Les groupes industriels du textile choisissent de délocaliser leur production pour limiter les coûts. Cette délocalisation participe du même coup à l’augmentation des émissions de gaz à effet de serre, les modes de transport usités étant les plus énergivores.
Autre problème : les normes des pays producteurs – Inde, Bangladesh… – étant moins strictes et les contrôles moins fréquents, les sociétés sont libres d’imposer des conditions de travail parfois dangereuses pour les travailleurs.
De nombreux rapports pointent du doigt les conditions de travailleurs qui sont sous-payés – à peine 10 dollars par mois dans les pays les moins développés -, exploités et mal protégés par un code du travail qui n’est pas toujours appliqué. Certains dénoncent même une forme d’esclavage moderne, obligeant notamment des enfants de moins de 14 ans à travailler pour subvenir aux besoins de leur famille. D’après le rapport de la commission indienne pour la protection des droits des enfants effectué en 2014 et 2015, la part des enfants qui travaillent dans les champs de coton est de 25 %. Ils sont aussi exposés à des produits chimiques nocifs pour la santé tels que les azurants chimiques utilisés pour le blanchiment du coton. Malgré leur toxicité reconnue au sein de l’Union européenne, ils sont autorisés dans beaucoup de pays producteurs.
L’utilisation de ces produits est même responsable de l’apparition de maladies. Selon l’Organisation Mondiale de la Santé (OMS), plus de 20 000 producteurs de coton meurent chaque année, intoxiqués par les pesticides et autres produits phytosanitaires utilisés dans les champs de coton non biologiques.

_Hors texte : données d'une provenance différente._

Lemma box_count_bound_gt0 : (s <= d1)%N -> (d1 <= d2)%N -> (d2 <= d3)%N -> (d3 <= d4)%N ->
  (0 < box_count_bound)%N.
Proof. by move=> *; rewrite !muln_gt0 !bin_gt0; lia. Qed.

Lemma box_pair_count_le p q :
  (s <= d1)%N -> (d1 <= d2)%N -> (d2 <= d3)%N -> (d3 <= d4)%N ->
  (2 <= parties_differ p q)%N -> (box_pair_count p q <= box_count_bound)%N.
Proof.
move=> lesd1 le12 le23 le34 differ.
have bin_sel (e : bool) d :
  'C(d - e.+1, s - e.+1) = if e then 'C(d - 2, s - 2) else 'C(d - 1, s - 1).
  by case: e.
rewrite /box_pair_count !bin_sel; apply: prod_two_lowered_le => //.
all: first [exact: differ | apply: bin_pred2_le | apply: bin_ratio_antimono]; lia.
Qed.

Lemma box_sum_pair_indicator (R : comPzSemiRingType) p q :
  box_sum s (fun S1 S2 S3 S4 =>
    ((in_box S1 S2 S3 S4 p && in_box S1 S2 S3 S4 q : nat)%:R : R)) =
  (box_pair_count p q)%:R.
Proof.
have le_pair_s (e : bool) : (e.+1 <= s)%N by case: e; lia.
under eq_box_sum => S1 S2 S3 S4 do rewrite in_box_pair !natrM.
rewrite box_sum_prod -!natr_sum !count_subsets_with_pair ?card_ord //.
by rewrite /box_pair_count !natrM.
Qed.

Lemma box_sum_conc4_substate (C : numClosedFieldType) (a : I -> C) :
  box_sum s (fun S1 S2 S3 S4 => conc4 (substate S1 S2 S3 S4 a) ^+ 2) =
  8^-1 * \sum_(al : {set 'I_4} | (al != set0) && (al != setT)) \sum_p \sum_q
           swap_defect al a p q * (box_pair_count p q)%:R.
Proof.
rewrite (eq_box_sum s (fun S1 S2 S3 S4 => conc4_substate_sq S1 S2 S3 S4 a)).
rewrite box_sumZ box_sum_sum; congr (_ * _); apply: eq_bigr => al _.
rewrite box_sum_sum; apply: eq_bigr => p _; rewrite box_sum_sum; apply: eq_bigr => q _.
by rewrite box_sumZ box_sum_pair_indicator.
Qed.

La percée du marché de la seconde main dans l’industrie textile
Le fonctionnement actuel de l’industrie textile se résume en trois mots : Produire–distribuer–jeter. Mais depuis les années 2000, des changements dans les modes de consommation des acheteurs rendent possible le modèle d’une économie circulaire dans le milieu de la mode.

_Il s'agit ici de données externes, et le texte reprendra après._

Lemma DRl_contract_kernel g : (forall f, T f = f -> hinner g f = 0) ->
  sqnorm (hsub (hsub g (PM g)) (PN (hsub g (PM g)))) <= c^2 * sqnorm (hsub g (PM g)).
Proof.
  intros Hg. destruct (cF_bound M N) as [Hc0 Hcf]. pose proof (cF_lt1 M N HMc HNc Hsc) as Hc1.
  set (q := hsub g (PM g)).
  assert (Hqperp : orth_compl (ospace M) q) by (intros e He; apply oproj_orth; auto).
  destruct (msum_of_perp q) as [m [n [Hm [Hn Eq]]]].
  { intros b HbM HbN. unfold q. rewrite inner_sub_l, oproj_sym, (oproj_perp M b HbM), inner_0_r.
    rewrite (Hg b (DRl_fix_of_perp M N b HbM HbN)). ring. }
  destruct (closed_affine_proj W n inter_closed_affine) as [[HwM HwN] _].
  set (w := proj W n) in *.
  set (m' := hadd m w). set (n' := hsub n w).
  assert (Hm' : ospace M m') by (apply ospaceD; auto).
  assert (Hn' : ospace N n') by (apply ospaceB; auto).
  assert (Eq' : q = hadd m' n') by (rewrite Eq; unfold m', n'; vring).
  assert (Hn'W : orth_compl W n').
  { intros e He. replace e with (hsub e hzero) by vring.
    apply closed_affine_proj_orth; auto using inter_closed_affine. split; apply ospace0. }
  assert (Hm'W : orth_compl W m').
  { intros e He. replace m' with (hsub q n') by (rewrite Eq'; vring).
    rewrite inner_sub_l, Hqperp, Hn'W; [ring|auto|apply He]. }
  pose proof (Hcf m' n' Hm' Hn' Hm'W Hn'W) as Hangle.
  assert (HA : sqnorm m' + hinner m' n' = 0)
    by (pose proof (Hqperp m' Hm') as H; rewrite Eq', hinner_add_l, (hinner_sym n') in H; auto).
  assert (HQ : sqnorm q = sqnorm n' - sqnorm m') by (rewrite Eq', sqnorm_add; lra).
  assert (HY : hinner (PN q) n' = sqnorm q)
    by (rewrite (inner_oproj_mem N q n' Hn'), HQ, Eq', hinner_add_l; unfold sqnorm in *; lra).
  pose proof (cauchy_schwarz (PN q) n') as HCS. rewrite HY, HQ in HCS.
  pose proof (sqnorm_ge0 m') as Hm0. pose proof (sqnorm_ge0 n') as Hn0.
  pose proof (sqnorm_ge0 (PN q)) as Hq0. assert (Hc2 : c^2 < 1) by nra.
  assert (HAB : sqnorm m' <= c^2 * sqnorm n').
  { destruct (Req_dec (sqnorm m') 0) as [HA0|HA0]; [rewrite HA0; nra|].
    apply (Rmult_le_reg_l (sqnorm m')); [lra|].
    replace (hinner m' n') with (- sqnorm m') in Hangle by lra. nra. }
  pose proof (contraction_arith _ _ _ _ Hm0 Hn0 Hq0 Hc2 HAB HCS).
  pose proof (oproj_pythagoras N q). rewrite HQ in *. nra.
Qed.

Lemma DRl_contract g : (forall f, T f = f -> hinner g f = 0) -> sqnorm (T g) <= c^2 * sqnorm g.
Proof.
  intros Hg. rewrite sqnorm_DRl, (oproj_pythagoras M g).
  pose proof (DRl_contract_range g Hg). pose proof (DRl_contract_kernel g Hg). lra.
Qed.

En effet, depuis la crise de 2008, la baisse du pouvoir d’achat des Français, combinée à une montée de l’inflation, a entraîné une réduction du budget shopping des foyers. En parallèle, les nouvelles générations ont largement été sensibilisées aux problématiques de réchauffement climatique et aux enjeux environnementaux de notre siècle, ce qui a eu un impact sur leurs habitudes de consommation en matière d’habillement.
Les consommateurs n’hésitent plus à revendre leurs vêtements ou à en acheter dans des vides-dressings, des brocantes, des boutiques associatives, des friperies ou bien encore sur des sites de revente. Tous ces commerces font partie du marché des vêtements de seconde main.

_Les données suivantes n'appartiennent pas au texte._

(* Let $(G,c,(k_i)_{i=1}^t)$ be an instance of \textsc{$\mathbb{T}$-Fair Feedback Vertex Set} and let $n_i=c_i(V(G))$. Let $G'$ be the graph with $V(G')=V(G)\cup\{v_0\}$ and $E(G')=E(G)\cup E_0$, where $v_0\notin V(G)$ and $E_0=\{vv_0 : v\in V(G)\}$. Let $c':V(G')\to 2^{[t]}\setminus\{\emptyset\}$ be given by $c'(v_0)=[t]$ and $c'(v)=c(v)$ for $v\in V(G)$. Then $G$ has a $(k_i)_{i=1}^t$-fair feedback vertex set if and only if there exists a pair $(X,X_0)$ such that (a) $X\subseteq V(G)\cup\{v_0\}$ with $v_0\in X$ and $X_0\subseteq E_0$; (b) the subgraph of $G'$ with vertex set $X$ and edge set $E_{G'}[X\setminus\{v_0\}]\cup X_0$ is connected; (c) $|E_{G'}[X\setminus\{v_0\}]\cup X_0|=|X|-1$; and (d) $c'_i(X)=n_i-k_i+1$ for every $i\in[t]$.
   Context: $[t]=\{1,\dots,t\}$. A $t$-coloured graph is $(G,c)$ with $c:V(G)\to 2^{[t]}\setminus\{\emptyset\}$; for $S$ a vertex set, $c_i(S)=|\{v\in S: i\in c(v)\}|$ (similarly $c'_i$ for $c'$). A set $F\subseteq V(G)$ is a $(k_i)_{i=1}^t$-fair feedback vertex set if $G-F$ is acyclic and $c_i(F)=k_i$ for every $i$. For $Y\subseteq V(G')$, $E_{G'}[Y]$ denotes the set of edges of $G'$ with both endpoints in $Y$. *)

From mathcomp Require Import all_boot.
Set Implicit Arguments. Unset Strict Implicit. Unset Printing Implicit Defensive.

La seconde main est un mode de consommation qui se veut durable, éthique et circulaire, avec comme mots d’ordre : acheter – vendre – échanger.
En outre, ce marché définit une nouvelle manière de faire son shopping qui séduit pour la première fois pas moins de 188 millions de personnes dans le monde en 2021 suite à la pandémie de covid. Selon Statista, la taille du marché mondial des vêtements d’occasion atteindra les 51 milliards de dollars en 2023, et les données de GlobalData indiquent que d’ici 2030, le marché de la seconde main devrait valoir 84 milliards de dollars.